One of the most exciting observations to emerge from the research on “Geeks and Geezers” conducted by Warren Bennis and Robert Thomas is the concept of “neoteny” and the role it plays with the geezers (leaders in their seventies and older). It is the discovery that staying youthful throughout life is critical for any aging person who wishes to continue to be a leader. All “geezers” who continue to play a leading role in society share one quality in common: “Neoteny”. Neoteny, is a term borrowed from zoology that refers to “the retention of youthful features well into adulthood”.
“Neoteny is more than retaining a youthful appearance, although that is often part of it. Neoteny is the retention of all those wonderful qualities that we associate with youth: curiosity, playfulness, eagerness, fearlessness, warmth, energy. Unlike those defeated by time and age, our geezers have remained much like our geeks — open, willing to take risks, hungry for knowledge and experience, courageous, eager to see what the new day brings. Time and loss steal the zest from the unlucky and leave them looking longingly at the past. Neoteny is a metaphor for the quality — and the gift — that keeps the fortunate of whatever age focused on all marvelous undiscovered things to come.” ― Warren G. Bennis, Geeks and Geezers: How Era, Values and Defining Moments Shape Leaders
Walt Disney, of all people, described his own neoteny in a way that evokes vitality: “People who have worked with me say I am ‘innocence in action,’” he wrote. “They say I have the innocence and unselfconsciousness of a child. Maybe I have. I still look at the world with uncontaminated wonder.” (Dave Smith and Walt Disney, The Quotable Walt Disney (New York: Hyperion, 2001).
The ability to look at the world with “uncontaminated wonder” is, ultimately, what separates the prosperous from the ordinary, the happily engaged of any age from those who are continually frustrated and dissatisfied. Therein lies the lesson for geeks, geezers, and the myriad of people who fall in between.
In short, neoteny is the preservation of a youthful curiosity, idealism, experimentation, wonder and thirst for knowledge.
Here are two suggestions to help you develop your neoteny:
- Play. Stuart Brown & Christopher Vaughan are the authors of an excellent book on the importance of play and its role as a catalyst for creativity and development.
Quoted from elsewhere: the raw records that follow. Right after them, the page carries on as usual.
Lemma geom_left_inverse : mmul geom (madd one (mopp b)) = one.
Proof.
apply/funext => x; apply/funext => y.
have [xy|nxy] := boolP (x <= y)%O; last by rewrite incidence_mmul // FI_mone.1.
have S_sub := col_supp_interval xy.
have in_S z : (x <= z)%O -> madd one (mopp b) z y != 0 -> z \in col_supp x y.
  move=> xz; have [->|nzy] := eqVneq z y; first by rewrite fsetU11.
  by rewrite /madd /mopp /mone (negbTE nzy) add0r oppr_eq0; apply: mem_col_supp.
rewrite (mmul_fsetE _ S_sub in_S); under eq_bigr do rewrite /madd /mopp mulrDr mulrN.
rewrite big_split sumrN -(mmul_fsetE _ S_sub (@mem_col_supp x y)).
rewrite mmul_geom // (bigD1_seq y) ?fset_uniq ?fsetU11 //= /mone eqxx mulr1.
rewrite big1 => [|z /negbTE ->]; last by rewrite mulr0.
have pow_vanish : mmul (mpow (npairs x y)) b x y = 0.
  by apply/eqP; apply: contraTT (ltnSn (npairs x y)) => /(@mpow_neq0 _.+1); rewrite -ltnNge.
rewrite addr0 /geom big_ord_recl [X in _ - X]big_ord_recr /= pow_vanish addr0.
by under eq_bigr do rewrite add0n; rewrite addrK.
Qed.

End GeometricSeries.

Lemma Zsupp1_Jac : subset_of (Zsupp 1) (@Jac d X K).
Proof.
move=> a /Zsupp1 [FI_a a_diag]; split=> // r FI_r; have FI_ra := FI_mmul FI_r FI_a.
have ra_diag x : mmul r a x x = 0 by rewrite mmul_diag a_diag mulr0.
by exists (geom (mmul r a)); split; [apply: FI_geom | apply: geom_left_inverse].
Qed.

Lemma Jac_Zsupp1 : subset_of (@Jac d X K) (Zsupp 1).
Proof.
move=> a [FI_a inv]; apply/Zsupp1; split=> // x; apply/eqP; apply: contraT => ax.
have [s [_ /(congr1 (fun c => c x x))]] := inv _ (FI_mscale (a x x)^-1 FI_mone).
rewrite /madd /mopp /mscale !mmul_diag /mone eqxx mulr1 mulVf // subrr mulr0.
by move/esym/eqP; rewrite oner_eq0.
Qed.
Lemma avg_mem2 i j : i != j -> avg Sb (fun S => ((i \in S) && (j \in S))%:R) = incl2.
Proof.
move=> ij; have n_gt1 : (1 < n)%N.
  by case: n i j ij => [[]//|[|//]] i j; rewrite !ord1 eqxx.
have -> : incl2 = (b * (b - 1))%:R / (n * (n - 1))%:R.
  by rewrite /incl2 !natrM !natrB // ltnW.
apply: avg_count; first by rewrite muln_gt0 subn_gt0 n_gt1 ltnW.
have -> : [set S : {set 'I_n} in Sb | (i \in S) && (j \in S)] =
          [set S : {set 'I_n} | [set i; j] \subset S & #|S| == b].
  by apply/setP => S; rewrite !inE finset.subUset !finset.sub1set andbC.
have card_ij : #|[set i; j]| = 2 by rewrite cards2 ij.
case: b b_gt0 => // -[_|b' _].
  rewrite muln0 mul0n; apply/eqP; rewrite muln_eq0 cards_eq0; apply/orP; right.
  apply/eqP/setP => S; rewrite !inE; apply/negbTE/negP => /andP[sub /eqP cardS].
  by have := subset_leq_card sub; rewrite card_ij cardS.
rewrite card_supsets card_ij ?card_ord // !subSS subn0 subn1.
have [m ->] : exists m, n = m.+2 by exists n.-2; rewrite -subn2 -addn2 subnK.
have h1 := mul_bin_diag m.+1 b'; have h2 := mul_bin_diag m.+2 b'.+1; rewrite /= in h1 h2.
by rewrite /= subSS !subn0 subn1 -mulnA h1 mulnCA h2 mulnCA mulnA.
Qed.

Lemma incl2_ge0 : 0 <= incl2.
Proof.
have b_ge1 : (1 : R) <= b%:R by rewrite ler1n.
have n_ge1 : (1 : R) <= n%:R by rewrite ler1n sampling_n_gt0.
by rewrite /incl2 divr_ge0 // mulr_ge0 ?ler0n ?subr_ge0.
Qed.

Lemma incl2_le : incl2 <= (b%:R / n%:R) ^+ 2.
Proof.
case: (ltnP 1 n) => [n_gt1|n_le1]; last first.
  have n1 : n = 1%N by apply/eqP; rewrite eqn_leq n_le1 sampling_n_gt0.
  by rewrite /incl2 n1 subrr mulr0 invr0 mulr0 sqr_ge0.
have n_gt1' : (1 : R) < n%:R by rewrite ltr1n.
have bn : (b%:R : R) <= n%:R by rewrite ler_nat.
have b_gt0' : (0 : R) < b%:R by rewrite ltr0n.
rewrite /incl2 expr_div_n ler_pdivrMr ?mulr_gt0 ?subr_gt0 ?(lt_trans ltr01) //.
rewrite mulrAC ler_pdivlMr ?exprn_gt0 ?(lt_trans ltr01) //.
rewrite -subr_ge0; have -> : b%:R ^+ 2 * (n%:R * (n%:R - 1)) - b%:R * (b%:R - 1) * n%:R ^+ 2
  = b%:R * n%:R * (n%:R - b%:R) :> R by ring.
by rewrite !mulr_ge0 ?ler0n ?subr_ge0.
Qed.

End Sampling.

(** * First and second moments of a minibatch mean. *)

Definition mean {R : realType} {n d : nat} (S : {set 'I_n}) (del : 'I_n -> 'rV[R]_d) :
  'rV[R]_d := #|S|%:R^-1 *: \sum_(i in S) del i.

Section Moments.
Context {R : realType} {n d : nat} (b : nat).
Hypotheses (b_gt0 : (0 < b)%N) (b_le_n : (b <= n)%N).
Local Notation Sb := (subsets n b).
Local Notation p2 := (@incl2 R n b).
Implicit Types (del : 'I_n -> 'rV[R]_d) (w : 'rV[R]_d).

Lemma mean_setT del : mean [set: 'I_n] del = n%:R^-1 *: \sum_i del i.
Proof.
rewrite /mean cardsT card_ord; congr (_ *: _).
by apply: eq_bigl => i; rewrite finset.in_setT.
Qed.

Lemma mean_subsets S del : S \in Sb -> mean S del = b%:R^-1 *: \sum_i (i \in S)%:R *: del i.
Proof.
rewrite inE => /eqP cardS; rewrite /mean cardS big_mkcond /=; congr (_ *: _).
by apply: eq_bigr => i _; case: (i \in S); rewrite ?scale1r ?scale0r.
Qed.

Lemma avg_dot_mean del w :
  avg Sb (fun S => dotv (mean S del) w) = dotv (mean [set: 'I_n] del) w.
Proof.
rewrite (@eq_avg _ _ _ _
  (fun S : {set 'I_n} => b%:R^-1 * \sum_i dotv (del i) w * (i \in S)%:R)); last first.
  move=> S /mean_subsets ->; rewrite dotvZl dotv_suml; congr (_ * _).
  by apply: eq_bigr => i _; rewrite dotvZl mulrC.
rewrite avgZ avg_sum mean_setT dotvZl dotv_suml !mulr_sumr.
apply: eq_bigr => i _; rewrite avgZ (avg_mem1 b_gt0 b_le_n).
have b0 : (b%:R : R) != 0 by rewrite pnatr_eq0 -lt0n.
by field; rewrite b0 pnatr_eq0 -lt0n (sampling_n_gt0 b_gt0 b_le_n).
Qed.

Lemma avg_pair i j : avg Sb (fun S => ((i \in S) && (j \in S))%:R) =
  p2 + (i == j)%:R * (b%:R / n%:R - p2).
Proof.
case: (eqVneq i j) => [<-|ij]; last by rewrite (avg_mem2 b_gt0) // mul0r addr0.
under eq_avg do rewrite andbb.
by rewrite (avg_mem1 b_gt0 b_le_n) mul1r addrC subrK.
Qed.
(* Let $\mathcal{H}$ be a hypothesis class with Littlestone dimension $d<\infty$, and let $k\ge0$, $l\ge0$ be integers with $k\ge l+d$. Then \[ \mathrm{ELdim}(\mathcal{H}^l,k)\le (k+1)\, e^{\frac{2k+2}{k+1-l-d}}. \]
   Context: Hypotheses are maps $\mathcal{X}\to\{-1,+1\}$. The Littlestone dimension of $\mathcal{H}$ is the largest $d$ such that there is a complete binary tree of depth $d$ with internal nodes labeled by points of $\mathcal{X}$ such that every root-to-leaf path (left = label $-1$, right = $+1$) is agreed with by some $h\in\mathcal{H}$. $\mathcal{C}^l$ is the class of functions $x\mapsto1-2I(x\in D)$ with $D\subseteq\mathcal{X}$, $|D|\le l$; $\mathcal{H}^l=\{x\mapsto h(x)c(x):h\in\mathcal{H},c\in\mathcal{C}^l\}$. Extended mistake tree w.r.t. a class $\mathcal{F}$: a finite full binary tree (possibly a single leaf) in which each internal node $v$ is labeled by $x_v\in\mathcal{X}$ and has two solid downward edges, to its left child (label $-1$) and right child (label $+1$), plus one dashed downward edge to one of its two children; each leaf is labeled by some $h\in\mathcal{F}$ with $h(x_v)$ equal to the direction label at every internal node $v$ on the root-to-leaf path. A root-to-leaf path chooses at each internal node one downward edge; its length is its number of edges. The tree is $(k,m)$-difficult if every root-to-leaf path using at most $k$ solid edges has length at least $m$. $\mathrm{ELdim}(\mathcal{F},k)$ is the supremum of $m$ such that a $(k,m)$-difficult extended mistake tree w.r.t. $\mathcal{F}$ exists. *)

(* Labels {-1,+1} are encoded as bool: false = -1, true = +1. *)
From Stdlib Require Import Reals List Arith.
Import ListNotations.

Inductive ltree (X : Type) : Type :=
| LLeaf : ltree X
| LNode : X -> ltree X -> ltree X -> ltree X.
Arguments LLeaf {X}.
Arguments LNode {X} _ _ _.

Fixpoint lcomplete {X : Type} (d : nat) (t : ltree X) : Prop :=
  match t, d with
  | LLeaf, 0 => True
  | LNode _ l r, S d' => lcomplete d' l /\ lcomplete d' r
  | _, _ => False
  end.

(* every root-to-leaf path (left = -1 = false, right = +1 = true) is agreed
   with by some hypothesis satisfying P *)
Fixpoint lshattered {X : Type} (P : (X -> bool) -> Prop) (t : ltree X) : Prop :=
  match t with
  | LLeaf => exists h, P h
  | LNode x l r =>
      lshattered (fun h => P h /\ h x = false) l /\
      lshattered (fun h => P h /\ h x = true) r
  end.

Definition Ldim_eq {X : Type} (H : (X -> bool) -> Prop) (d : nat) : Prop :=
  (exists t, lcomplete d t /\ lshattered H t) /\
  (forall d' t, lcomplete d' t -> lshattered H t -> d' <= d).

(* f = h * c with c = 1 - 2 I(x in D), |D| <= l; D given by a list of length <= l *)
Definition Hl {X : Type} (H : (X -> bool) -> Prop) (l : nat) (f : X -> bool) : Prop :=
  exists h, H h /\ exists D : list X, length D <= l /\
    forall x, (In x D -> f x = negb (h x)) /\ (~ In x D -> f x = h x).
Play can take many forms: going out for a walk, hanging out with children, taking acting classes, composing artwork,… The list is endless, but above all, play must be felt as a game and not as a chore.
- Develop your curiosity: Read. Ask questions about why? Observe the things you see all the time and look at them as if you were seeing them for the first time. What do you see now that you’ve never seen before? How can we learn to become more perceptive?